» About this task
Show each line of the listing in which the word "into" occurs.
--------------------------------------------------
Definition Qdelta {R : realType} {T : ptopologicalType}
    (Q : @functional R T -> @functional R T) (x : T -> R) (w : T) : R :=
  Q (delta_fun w) x.

Lemma in_Xstar_delta {R : realType} {T : ptopologicalType} (w : T) :
  in_Xstar (R := R) (delta_fun w).
Proof. by split => [//|]; exists 1 => f _ /(_ w). Qed.

Section orbit_means.
Context {R : realType} {T : ptopologicalType}.
Context {phi : T -> T} {c : nat -> seq R} {Q : @functional R T -> @functional R T}.
Hypothesis c_convex : forall n, convex_coeffs (c n).
Hypothesis cvg_Q : forall mu (x : T -> R), in_Xstar mu -> continuous x ->
  (fun n => convVpow phi (c n) mu x) @ \oo --> Q mu x.
Hypothesis ergodic_c : forall mu (x : T -> R), in_Xstar mu -> continuous x ->
  (fun n => convVpow phi (c n) mu x - Vop phi (convVpow phi (c n) mu) x) @ \oo --> 0.

Lemma cvg_orbit_mean (x : T -> R) (w : T) : continuous x ->
  orbit_mean phi (c n) x w @[n --> \oo] --> Qdelta Q x w.
Proof. exact: cvg_Q (in_Xstar_delta w). Qed.

Lemma norm_Qdelta_le (x : T -> R) (e : R) (w : T) : continuous x ->
  (forall t, `|x t| <= e) -> `|Qdelta Q x w| <= e.
Proof.
move=> cx xe; apply: cvgr_to_le (cvg_norm (cvg_orbit_mean x w cx)) _.
near=> n; apply: (norm_convex_sum_le (fun k => x (iter k phi w))) => // k.
Unshelve. all: by end_near. Qed.

Lemma Qdelta_sup_lipschitz (w : T) : sup_lipschitz (Qdelta Q ^~ w).
Proof.
move=> x y e cx cy xy.
apply: cvgr_to_le (cvg_norm (cvgB (cvg_orbit_mean x w cx) (cvg_orbit_mean y w cy))) _.
near=> n; rewrite !fctE /orbit_mean -sumrB.
under eq_bigr do rewrite -mulrBr.
by apply: (norm_convex_sum_le (fun k => x (iter k phi w) - y (iter k phi w))).
Unshelve. all: by end_near. Qed.

Lemma Qdelta_comp (x : T -> R) (w : T) : continuous x ->
  Qdelta Q x (phi w) = Qdelta Q x w.
Proof.
(* V moves the orbit one step, so ergodicity of the sequence says that the
   means at phi w and at w have the same limit. *)
move=> cx; have shift n : orbit_mean phi (c n) x (phi w) = orbit_mean phi (c n) x w -
    (convVpow phi (c n) (delta_fun w) x - Vop phi (convVpow phi (c n) (delta_fun w)) x).
  rewrite opprB addrC subrK /Vop /convVpow /orbit_mean.
  by apply: eq_bigr => k _; rewrite /delta_fun /= -iterSr.
have : orbit_mean phi (c n) x (phi w) @[n --> \oo] --> Qdelta Q x w - 0.
  under eq_cvg do rewrite shift.
  apply: cvgB; first exact: cvg_orbit_mean.
  exact: ergodic_c (in_Xstar_delta w) cx.
by rewrite subr0; exact: cvg_unique (cvg_orbit_mean x (phi w) cx).
Qed.

End orbit_means.

Lemma continuous_iter {T : topologicalType} {f : T -> T} (k : nat) :
  continuous f -> continuous (iter k f).
Proof.
move=> cf; elim: k => [|k IHk] t /=; first exact: cvg_id.
exact: continuous_comp (IHk t) (cf _).
Qed.

Section invariant_integrals.
Context {R : realType} {T : ptopologicalType}.
Context {phi : T -> T} {c : nat -> seq R} {Q : @functional R T -> @functional R T}.
Context {mu : probability (borel T) R}.
Hypothesis compactT : compact [set: T].
Hypothesis phi_cont : continuous phi.
Hypothesis c_convex : forall n, convex_coeffs (c n).
Hypothesis cvg_Q : forall mu (x : T -> R), in_Xstar mu -> continuous x ->
  (fun n => convVpow phi (c n) mu x) @ \oo --> Q mu x.
Hypothesis mu_invariant :
  forall A : set (borel T), measurable A -> mu (phi @^-1` A) = mu A.

Lemma continuous_comp_iter (x : T -> R) (k : nat) :
  continuous x -> continuous (x \o iter k phi).
Proof. by move=> cx t; exact: continuous_comp (continuous_iter k phi_cont t) (cx _). Qed.

Lemma continuous_orbit_mean (x : T -> R) (n : nat) :
  continuous x -> continuous (orbit_mean phi (c n) x).
Proof.
move=> cx; apply: continuous_sum => k t; apply: cvgM; first exact: cvg_cst.
exact: continuous_comp_iter.
Qed.

Lemma measurable_Qdelta (x : T -> R) : continuous x ->
  measurable_fun setT (Qdelta Q x : borel T -> R).
Proof.
move=> cx.
apply: (@measurable_fun_cvg _ (borel T) R setT (fun n => orbit_mean phi (c n) x)).
  by move=> n; exact: continuous_borel_measurable (continuous_orbit_mean x n cx).
by move=> w _; exact: cvg_orbit_mean cvg_Q x w cx.
Qed.

Lemma integrable_Qdelta (x : T -> R) : continuous x ->
  mu.-integrable setT (EFin \o (Qdelta Q x : borel T -> R)).
Proof.
move=> cx; have [M xM] := continuous_compact_bounded compactT cx.
apply: (bounded_integrable mu (measurable_Qdelta x cx)) => w.
exact: norm_Qdelta_le c_convex cvg_Q x M w cx xM.
Qed.

Local Open Scope ereal_scope.

Lemma integral_comp_phi (f : T -> R) : continuous f ->
  \int[mu]_w (f (phi w))%:E = \int[mu]_w (f w)%:E.
Proof.
move=> cf; have mphi := continuous_borel_measurable_endo phi_cont.
rewrite [RHS](eq_measure_integral (pushforward mu (phi : borel T -> borel T)));
  last by move=> A mA _; exact/esym/mu_invariant.
rewrite integral_pushforward //.
- exact: measurable_int (continuous_integrable mu compactT cf).
- rewrite preimage_setT.
  exact (continuous_integrable mu compactT (continuous_comp_iter f 1 cf)).
Qed.

Lemma integral_comp_iter (f : T -> R) (k : nat) : continuous f ->
  \int[mu]_w (f (iter k phi w))%:E = \int[mu]_w (f w)%:E.
Proof.
move=> cf; elim: k => [//|k IHk].
rewrite -IHk -(integral_comp_phi _ (continuous_comp_iter f k cf)).
by apply: eq_integral => w _; rewrite iterSr.
Qed.

Lemma integral_orbit_mean (x : T -> R) (n : nat) : continuous x ->
  \int[mu]_w (orbit_mean phi (c n) x w)%:E = \int[mu]_w (x w)%:E.
Proof.
move=> cx.
have xfin := integrable_fin_num measurableT (continuous_integrable mu compactT cx).
have iter_int k := continuous_integrable mu compactT (continuous_comp_iter x k cx).
rewrite /orbit_mean; under eq_integral do rewrite -sumEFin.
rewrite integral_sum //; last first.
  move=> k; have ck : continuous (fun w => (c n)`_k * x (iter k phi w))%R.
    by move=> t; apply: cvgM; [exact: cvg_cst|exact: continuous_comp_iter].
  exact (continuous_integrable mu compactT ck).
transitivity (\sum_(k < size (c n)) ((c n)`_k)%:E * \int[mu]_w (x w)%:E).
  apply: eq_bigr => k _; under eq_integral do rewrite EFinM.
  by rewrite integralZl ?integral_comp_iter //; exact: iter_int.
rewrite -(fineK xfin); under eq_bigr do rewrite -EFinM.
by rewrite sumEFin -mulr_suml (proj2 (c_convex n)) mul1r.
Qed.
(* Let $N$ be a positive even integer, $\alpha,\beta$ real with $(1-\alpha/2)_k\neq0$ for $k\le N/2$, and put $\eta=\tfrac12-\tfrac{\alpha+\beta}{4}$, $\tau=2N+2-\alpha-\beta$. Let $P_n$ be the monic dual $-1$ Hahn polynomials defined in the context. Then, as polynomial identities in $x$: for $0\le n\le N/2$, $$P_{2n}(x-1)=16^n(-N/2)_n(1-\alpha/2)_n\;{}_3F_2\!\left(\begin{matrix}-n,\ \eta+\tfrac x4,\ \eta-\tfrac x4\\ -\tfrac N2,\ 1-\tfrac\alpha2\end{matrix};1\right),$$ and for $0\le n\le N/2-1$, $$P_{2n+1}(x-1)=16^n(1-N/2)_n(1-\alpha/2)_n\,(x-\tau)\;{}_3F_2\!\left(\begin{matrix}-n,\ \eta+\tfrac x4,\ \eta-\tfrac x4\\ 1-\tfrac N2,\ 1-\tfrac\alpha2\end{matrix};1\right).$$
   Context: $(c)_k=c(c+1)\cdots(c+k-1)$, $(c)_0=1$, and ${}_3F_2\!\left(\begin{matrix}-n,a_2,a_3\\ b_1,b_2\end{matrix};1\right)=\sum_{k=0}^n\frac{(-n)_k(a_2)_k(a_3)_k}{(b_1)_k(b_2)_k\,k!}$. For $N$ even and $\sigma=\alpha+\beta$: $b_n^{(-1)}=2N+1-\sigma$ for $n$ even, $b_n^{(-1)}=-2N-3+\sigma$ for $n$ odd; $u_n^{(-1)}=4n(\alpha-n)$ for $n$ even, $u_n^{(-1)}=4(N-n+1)(n+\beta-N-1)$ for $n$ odd. The monic dual $-1$ Hahn polynomials are defined by $P_{-1}=0$, $P_0=1$, $P_{n+1}(x)=(x-b_n^{(-1)})P_n(x)-u_n^{(-1)}P_{n-1}(x)$ for $n\ge0$. *)

From HB Require Import structures.
From mathcomp Require Import all_boot all_order all_algebra.
Set Implicit Arguments. Unset Strict Implicit. Unset Printing Implicit Defensive.
Import Order.TTheory GRing.Theory Num.Theory.
Local Open Scope ring_scope.

Definition poch (R : ringType) (c : R) (k : nat) : R :=
  \prod_(i < k) (c + i%:R).

Definition hyp3F2 (R : fieldType) (n : nat) (a2 a3 b1 b2 : R) : R :=
  \sum_(k < n.+1)
    (poch (- n%:R) k * poch a2 k * poch a3 k)
      / (poch b1 k * poch b2 k * (k`!)%:R).

Definition bm1 (R : ringType) (N : nat) (alpha beta : R) (n : nat) : R :=
  if odd n then - 2 * N%:R - 3 + (alpha + beta)
  else 2 * N%:R + 1 - (alpha + beta).

Definition um1 (R : ringType) (N : nat) (alpha beta : R) (n : nat) : R :=
  if odd n then 4 * (N%:R - n%:R + 1) * (n%:R + beta - N%:R - 1)
  else 4 * n%:R * (alpha - n%:R).

(* pair (P_{n-1}, P_n) with P_{-1} = 0, P_0 = 1 *)
Fixpoint dHahn_pair (R : ringType) (N : nat) (alpha beta : R) (n : nat)
  : {poly R} * {poly R} :=
  match n with
  | 0 => (0, 1)
  | n'.+1 =>
      let: (pm, p) := dHahn_pair N alpha beta n' in
      (p, ('X - (bm1 N alpha beta n')%:P) * p - (um1 N alpha beta n')%:P * pm)
  end.

Definition dHahn (R : ringType) (N : nat) (alpha beta : R) (n : nat) : {poly R} :=
  (dHahn_pair N alpha beta n).2.

From HB Require Import structures.
From mathcomp Require Import all_boot all_order all_algebra.
From mathcomp Require Import ring.
Set Implicit Arguments. Unset Strict Implicit. Unset Printing Implicit Defensive.
Import Order.TTheory GRing.Theory Num.Theory.
Local Open Scope ring_scope.

(* Put c = 1 - alpha/2, z = (x/4)^2 and note that the numerator parameters
   eta + x/4, eta - x/4 of the 3F2 only enter through
     (eta + x/4)_k (eta - x/4)_k = prod_(i<k) ((eta + i)^2 - z).
   Clearing the denominators (-M)_k (c)_k k! of the 3F2 against the prefactor
   16^n (-M)_n (c)_n turns the right-hand sides into division-free sums
     E_n = sum_k 16^n (-1)^k C(n,k) [prod_(k<=i<n) (i-M)(c+i)]   Q_k(z),
     O_n = sum_k 16^n (-1)^k C(n,k) [prod_(k<=i<n) (i+1-M)(c+i)] Q_k(z),
   over an arbitrary commutative ring.  The heart of the proof is a pair of
   contiguous relations between E and O (section [ContiguousSums]), which
   say exactly that (E_n, (x - tau) O_n) obeys the three-term recurrence of
   (P_2n, P_2n+1) evaluated at x - 1.  An induction on n identifies the
   polynomials with these sums ([dHahn_sums]), and the Pochhammer lemmas
   below convert the sums back into the 3F2 form of the statement. *)

(* An equation L = Rr follows from a = b once L - Rr is a multiple of a - b;
   this lets [ring] verify identities that hold modulo a known relation. *)
Lemma eq_by_diff1 (R : comNzRingType) (L Rr a b f : R) :
  L - Rr = f * (a - b) -> a = b -> L = Rr.
Proof. by move=> hdiff hab; apply/eqP; rewrite -subr_eq0 hdiff hab subrr mulr0. Qed.

Lemma eq_by_diff2 (R : comNzRingType) (L Rr a1 b1 a2 b2 f1 f2 : R) :
  L - Rr = f1 * (a1 - b1) + f2 * (a2 - b2) -> a1 = b1 -> a2 = b2 -> L = Rr.
Proof.
by move=> hdiff h1 h2; apply/eqP; rewrite -subr_eq0 hdiff h1 h2 !subrr !mulr0 addr0.
Qed.

Lemma pochS (R : nzRingType) (b : R) k : poch b k.+1 = poch b k * (b + k%:R).
Proof. by rewrite /poch big_ord_recr. Qed.

Lemma poch_split (R : nzRingType) (b : R) k n : (k <= n)%N ->
  poch b n = poch b k * \prod_(k <= i < n) (b + i%:R).
Proof.
move=> lekn; rewrite /poch -!(big_mkord xpredT (fun i => b + i%:R)).
by rewrite (big_cat_nat (leq0n k) lekn).
Qed.

Lemma poch_neg_nat (R : comNzRingType) n k :
  poch (- n%:R : R) k = (-1) ^+ k * ('C(n, k) * k`!)%:R.
Proof.
elim: k => [|k IH]; first by rewrite /poch big_ord0 expr0 bin0 mul1r.
rewrite pochS IH; case: (leqP k n) => hk.
  have absorb := mul_bin_left n k.
  rewrite factS mulnCA (mulnA k.+1) absorb exprS !natrM natrB //; ring.
rewrite !bin_small ?(ltnW hk) // ?mul0n ?mulr0 ?mul0r //.
exact: leq_trans hk _.
Qed.

Lemma poch_neq0 (R : fieldType) (b : R) k :
  (forall i, (i < k)%N -> b + i%:R != 0) -> poch b k != 0.
Proof. by move=> hb; apply/prodf_neq0 => i _; apply: hb. Qed.

Lemma poch_conj_pair (R : fieldType) (eta x : R) k :
  poch (eta + x / 4) k * poch (eta - x / 4) k =
  \prod_(0 <= i < k) ((eta + i%:R) ^+ 2 - (x / 4) ^+ 2).
Proof.
rewrite /poch -big_split big_mkord /=; apply: eq_bigr => i _.
by rewrite -[LHS]/((eta + x / 4 + i%:R) * (eta - x / 4 + i%:R)); ring.
Qed.

Section ContiguousSums.
Variable R : comNzRingType.
Variables (M : nat) (c eta z : R).

Definition zprod k : R := \prod_(0 <= i < k) ((eta + i%:R) ^+ 2 - z).
Definition mprod k n : R := \prod_(k <= i < n) (i%:R - M%:R).
Definition mprod1 k n : R := \prod_(k <= i < n) (i.+1%:R - M%:R).
Definition cprod k n : R := \prod_(k <= i < n) (c + i%:R).

Definition ecoef n k : R :=
  16 ^+ n * (-1) ^+ k * 'C(n, k)%:R * (mprod k n * cprod k n).
Definition ocoef n k : R :=
  16 ^+ n * (-1) ^+ k * 'C(n, k)%:R * (mprod1 k n * cprod k n).

Definition Esum n := \sum_(0 <= k < n.+1) ecoef n k * zprod k.
Definition Osum n := \sum_(0 <= k < n.+1) ocoef n k * zprod k.

Lemma zprodS k : zprod k.+1 = zprod k * ((eta + k%:R) ^+ 2 - z).
Proof. by rewrite /zprod big_nat_recr. Qed.

Lemma mprodSr k n : (k <= n)%N -> mprod k n.+1 = mprod k n * (n%:R - M%:R).
Proof. by move=> lekn; rewrite /mprod big_nat_recr. Qed.
Lemma mprodSl k n : (k <= n)%N -> mprod k n.+1 = (k%:R - M%:R) * mprod1 k n.
Proof. by move=> lekn; rewrite /mprod big_nat_recl. Qed.
Lemma mprod1Sr k n : (k <= n)%N -> mprod1 k n.+1 = mprod1 k n * (n.+1%:R - M%:R).
Proof. by move=> lekn; rewrite /mprod1 big_nat_recr. Qed.
Lemma mprod1_ltn k n : (k < n)%N -> mprod1 k n = (k.+1%:R - M%:R) * mprod1 k.+1 n.
Proof. by move=> ltkn; rewrite /mprod1 big_ltn. Qed.
Lemma cprodSr k n : (k <= n)%N -> cprod k n.+1 = cprod k n * (c + n%:R).
Proof. by move=> lekn; rewrite /cprod big_nat_recr. Qed.
Lemma cprod_ltn k n : (k < n)%N -> cprod k n = (c + k%:R) * cprod k.+1 n.
Proof. by move=> ltkn; rewrite /cprod big_ltn. Qed.

Lemma ecoef_small n k : (n < k)%N -> ecoef n k = 0.
Proof. by move=> ltnk; rewrite /ecoef bin_small // mulr0 mul0r. Qed.
Lemma ocoef_small n k : (n < k)%N -> ocoef n k = 0.
Proof. by move=> ltnk; rewrite /ocoef bin_small // mulr0 mul0r. Qed.
Lemma ecoef_diag n : ecoef n n = 16 ^+ n * (-1) ^+ n.
Proof. by rewrite /ecoef binn /mprod /cprod !big_geq // !mulr1. Qed.
Lemma ocoef_diag n : ocoef n n = 16 ^+ n * (-1) ^+ n.
Proof. by rewrite /ocoef binn /mprod1 /cprod !big_geq // !mulr1. Qed.

Lemma Esum_ext n : Esum n = \sum_(0 <= k < n.+2) ecoef n k * zprod k.
Proof. by rewrite /Esum (big_nat_recr n.+1) //= ecoef_small // mul0r addr0. Qed.
Lemma Osum_ext n : Osum n = \sum_(0 <= k < n.+2) ocoef n k * zprod k.
Proof. by rewrite /Osum (big_nat_recr n.+1) //= ocoef_small // mul0r addr0. Qed.

(* First contiguous relation, coefficientwise: O_(n+1) - E_(n+1) is a
   multiple of O_n, by absorption of binomial coefficients. *)
Lemma ocoefS n k : (k <= n.+1)%N ->
  ocoef n.+1 k = ecoef n.+1 k + 16 * n.+1%:R * (c + n%:R) * ocoef n k.
Proof.
rewrite leq_eqVlt => /orP [/eqP -> | ].
  by rewrite ocoef_diag ecoef_diag ocoef_small // mulr0 addr0.
rewrite ltnS => lekn.
rewrite /ocoef /ecoef mprod1Sr // mprodSl // cprodSr //.
have absorb : (n.+1%:R - k%:R) * 'C(n.+1, k)%:R = n.+1%:R * 'C(n, k)%:R :> R.
  by rewrite -natrB ?(leq_trans lekn) // -!natrM -mul_bin_down.
apply: (@eq_by_diff1 _ _ _ _ _
  (16 * 16 ^+ n * (-1) ^+ k * cprod k n * mprod1 k n * (c + n%:R)) _ absorb).
rewrite exprS; ring.
Qed.

Lemma Osum_rec n : Osum n.+1 = Esum n.+1 + 16 * n.+1%:R * (c + n%:R) * Osum n.
Proof.
rewrite [Osum n]Osum_ext /Osum /Esum mulr_sumr -big_split /=.
apply: eq_big_nat => k /andP [_ hk].
by rewrite ocoefS // mulrDl mulrA.
Qed.

(* Second contiguous relation.  [ocoef_pred n k] is the coefficient of Q_k
   in the shifted sum sum_k ocoef n k Q_(k+1); [eshift n] collects the linear
   factor produced when comparing E_(n+1) with E_n. *)
Definition ocoef_pred n k : R := if k is k'.+1 then ocoef n k' else 0.
Definition eshift n : R := n%:R + c - 2 * eta - M%:R.

(* Multiplying O_n by z - (eta + M)^2 shifts Q_k to Q_(k+1). *)
Lemma Osum_mulz n : (z - (eta + M%:R) ^+ 2) * Osum n =
  \sum_(0 <= k < n.+2)
     (ocoef n k * ((k%:R - M%:R) * (2 * eta + k%:R + M%:R)) - ocoef_pred n k) * zprod k.
Proof.
rewrite (eq_bigr (fun k => ocoef n k * ((k%:R - M%:R) * (2 * eta + k%:R + M%:R))
   * zprod k - ocoef_pred n k * zprod k)) => [|k _]; last by rewrite mulrBl.
rewrite sumrB (big_nat_recr n.+1) //= ocoef_small // !mul0r addr0.
rewrite (big_nat_recl n.+1) //= mul0r add0r.
rewrite /Osum mulr_sumr -sumrB; apply: eq_big_nat => k _.
rewrite zprodS; ring.
Qed.

Lemma ecoefS n k : (k <= n.+1)%N ->
  ecoef n.+1 k = 16 * ((k%:R - M%:R) * (2 * eta + k%:R + M%:R)) * ocoef n k
    - 16 * ocoef_pred n k - 16 * (M%:R - n%:R) * eshift n * ecoef n k.
Proof.
rewrite leq_eqVlt => /orP [/eqP -> | ].
  rewrite /= ecoef_diag ocoef_diag ocoef_small // ecoef_small // !exprS; ring.
rewrite ltnS => lekn.
have mprod_shift : mprod k n * (n%:R - M%:R) = (k%:R - M%:R) * mprod1 k n.
  by rewrite -mprodSr // mprodSl.
case: k lekn mprod_shift => [|k] lekn mprod_shift.
  rewrite /= /ecoef /ocoef mprodSl // cprodSr // !bin0 !expr0.
  apply: (@eq_by_diff1 _ _ _ _ _ (- (16 * 16 ^+ n * cprod 0 n * eshift n)) _ mprod_shift).
  rewrite /eshift exprS; ring.
rewrite /ocoef_pred /ecoef /ocoef mprodSl // cprodSr // binS.
rewrite (mprod1_ltn lekn) (cprod_ltn lekn).
have absorb : k.+1%:R * 'C(n, k.+1)%:R = (n%:R - k%:R) * 'C(n, k)%:R :> R.
  by rewrite -natrB ?(ltnW lekn) // -!natrM mul_bin_left.
apply: (@eq_by_diff2 _ _ _ _ _ _ _
   (16 * 16 ^+ n * (-1) ^+ k * cprod k.+1 n * eshift n * 'C(n, k.+1)%:R)
   (16 * 16 ^+ n * (-1) ^+ k * cprod k.+1 n * (k.+1%:R - M%:R) * mprod1 k.+1 n)
   _ mprod_shift absorb).
rewrite /eshift !exprS; ring.
Qed.

Lemma Esum_rec n : Esum n.+1 = 16 * (z - (eta + M%:R) ^+ 2) * Osum n
   - 16 * (M%:R - n%:R) * eshift n * Esum n.
Proof.
rewrite -mulrA Osum_mulz [Esum n]Esum_ext /Esum !mulr_sumr -sumrB.
apply: eq_big_nat => k /andP [_ hk].
rewrite ecoefS //; ring.
Qed.

End ContiguousSums.

Lemma dHahnSS (R : nzRingType) N (alpha beta : R) n :
  dHahn N alpha beta n.+2 =
    ('X - (bm1 N alpha beta n.+1)%:P) * dHahn N alpha beta n.+1
     - (um1 N alpha beta n.+1)%:P * dHahn N alpha beta n.
Proof. by rewrite /dHahn /=; case: (dHahn_pair N alpha beta n). Qed.

Lemma natr_even (R : nzRingType) N : ~~ odd N -> N%:R = 2 * (N./2)%:R :> R.
Proof.
by move=> evN; rewrite -[in LHS](odd_double_half N) (negbTE evN) add0n -mul2n natrM.
Qed.

Lemma dHahn_sums (R : numFieldType) N (alpha beta x : R) : ~~ odd N ->
  let c := 1 - alpha / 2 in let eta := 1 / 2 - (alpha + beta) / 4 in
  forall n,
  (dHahn N alpha beta (2 * n)).[x - 1] = Esum N./2 c eta ((x / 4) ^+ 2) n /\
  (dHahn N alpha beta (2 * n).+1).[x - 1] =
     (x - (2 * N%:R + 2 - alpha - beta)) * Osum N./2 c eta ((x / 4) ^+ 2) n.
Proof.
move=> evN c eta; have NE := natr_even R evN.
elim=> [|n [IHe IHo]].
  rewrite /Osum /Esum !big_nat1 ecoef_diag ocoef_diag /zprod big_geq // !expr0.
  rewrite /dHahn /= /bm1 /um1 /=.
  by rewrite !(hornerD, hornerN, hornerM, hornerC, hornerX); split; ring.
have even_succ : (2 * n.+1 = (2 * n).+2)%N by rewrite mulnS.
have heven : (dHahn N alpha beta (2 * n.+1)).[x - 1] =
             Esum N./2 c eta ((x / 4) ^+ 2) n.+1.
  rewrite even_succ dHahnSS !(hornerD, hornerN, hornerM, hornerC, hornerX) IHe IHo.
  by rewrite Esum_rec /bm1 /um1 /eshift /= oddM /= NE /c /eta; field.
split=> //.
rewrite even_succ dHahnSS -even_succ !(hornerD, hornerN, hornerM, hornerC, hornerX).
by rewrite heven IHo Osum_rec /bm1 /um1 oddM /= NE /c /eta; field.
Qed.

Lemma Esum_hyp3F2 (R : numFieldType) (M n : nat) (c eta x : R) : (n <= M)%N ->
  (forall k, (k <= M)%N -> poch c k != 0) ->
  Esum M c eta ((x / 4) ^+ 2) n =
  16 ^+ n * poch (- M%:R) n * poch c n *
    hyp3F2 n (eta + x / 4) (eta - x / 4) (- M%:R) c.
Proof.
move=> lenM hc.
rewrite /Esum /hyp3F2 big_mkord mulr_sumr; apply: eq_bigr => [[k]] /=.
rewrite ltnS => lekn _; have lekM := leq_trans lekn lenM.
have nzM : poch (- M%:R : R) k != 0.
  apply: poch_neq0 => i ltik; rewrite addrC subr_eq0 eqr_nat ltn_eqF //.
  exact: leq_trans ltik lekM.
have nzc := hc k lekM.
have nzf : (k`!)%:R != 0 :> R by rewrite pnatr_eq0 -lt0n fact_gt0.
rewrite (poch_split (- M%:R) lekn) (poch_split c lekn) (poch_neg_nat R n k).
rewrite -!mulrA [poch (eta + _) k * _]mulrA poch_conj_pair.
rewrite (eq_bigr (fun i => i%:R - M%:R) (fun i _ => addrC _ _)).
rewrite /ecoef /mprod /cprod /zprod natrM; field.
by rewrite nzM nzc nzf.
Qed.

Lemma Osum_hyp3F2 (R : numFieldType) (M n : nat) (c eta x : R) : (n < M)%N ->
  (forall k, (k <= M)%N -> poch c k != 0) ->
  Osum M c eta ((x / 4) ^+ 2) n =
  16 ^+ n * poch (1 - M%:R) n * poch c n *
    hyp3F2 n (eta + x / 4) (eta - x / 4) (1 - M%:R) c.
Proof.
move=> ltnM hc.
rewrite /Osum /hyp3F2 big_mkord mulr_sumr; apply: eq_bigr => [[k]] /=.
rewrite ltnS => lekn _; have ltkM := leq_ltn_trans lekn ltnM.
have nzM : poch (1 - M%:R : R) k != 0.
  apply: poch_neq0 => i ltik.
  rewrite (_ : 1 - M%:R + i%:R = i.+1%:R - M%:R); last by ring.
  by rewrite subr_eq0 eqr_nat ltn_eqF // (leq_ltn_trans ltik).
have nzc := hc k (ltnW ltkM).
have nzf : (k`!)%:R != 0 :> R by rewrite pnatr_eq0 -lt0n fact_gt0.
rewrite (poch_split (1 - M%:R) lekn) (poch_split c lekn) (poch_neg_nat R n k).
rewrite -!mulrA [poch (eta + _) k * _]mulrA poch_conj_pair.
rewrite (eq_bigr (fun i => i.+1%:R - M%:R)) => [|i _]; last by ring.
rewrite /ocoef /mprod1 /cprod /zprod natrM; field.
by rewrite nzM nzc nzf.
Qed.

Theorem mainTheorem5 (R : realFieldType) (N : nat) (alpha beta : R) :
  (0 < N)%N -> ~~ odd N ->
  (forall k : nat, (k <= N./2)%N -> poch (1 - alpha / 2) k != 0) ->
  let eta := 1 / 2 - (alpha + beta) / 4 in
  let tau := 2 * N%:R + 2 - alpha - beta in
  (forall n : nat, (n <= N./2)%N -> forall x : R,
     (dHahn N alpha beta (2 * n)%N).[x - 1] =
       16 ^+ n * poch (- (N%:R / 2)) n * poch (1 - alpha / 2) n *
       hyp3F2 n (eta + x / 4) (eta - x / 4) (- (N%:R / 2)) (1 - alpha / 2))
  /\
  (forall n : nat, (n.+1 <= N./2)%N -> forall x : R,
     (dHahn N alpha beta (2 * n).+1).[x - 1] =
       16 ^+ n * poch (1 - N%:R / 2) n * poch (1 - alpha / 2) n * (x - tau) *
       hyp3F2 n (eta + x / 4) (eta - x / 4) (1 - N%:R / 2) (1 - alpha / 2)).
Proof.
move=> _ evN hc eta tau.
have halfN : N%:R / 2 = (N./2)%:R :> R by rewrite (natr_even R evN); field.
rewrite halfN; split=> n hn x; have [Peven Podd] := dHahn_sums alpha beta x evN n.
  by rewrite Peven Esum_hyp3F2.
by rewrite Podd Osum_hyp3F2 // /tau; ring.
Qed.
--------------------------------------------------
» Response area
   16^n (-M)_n (c)_n turns the right-hand sides into division-free sums
   below convert the sums back into the 3F2 form of the statement. *)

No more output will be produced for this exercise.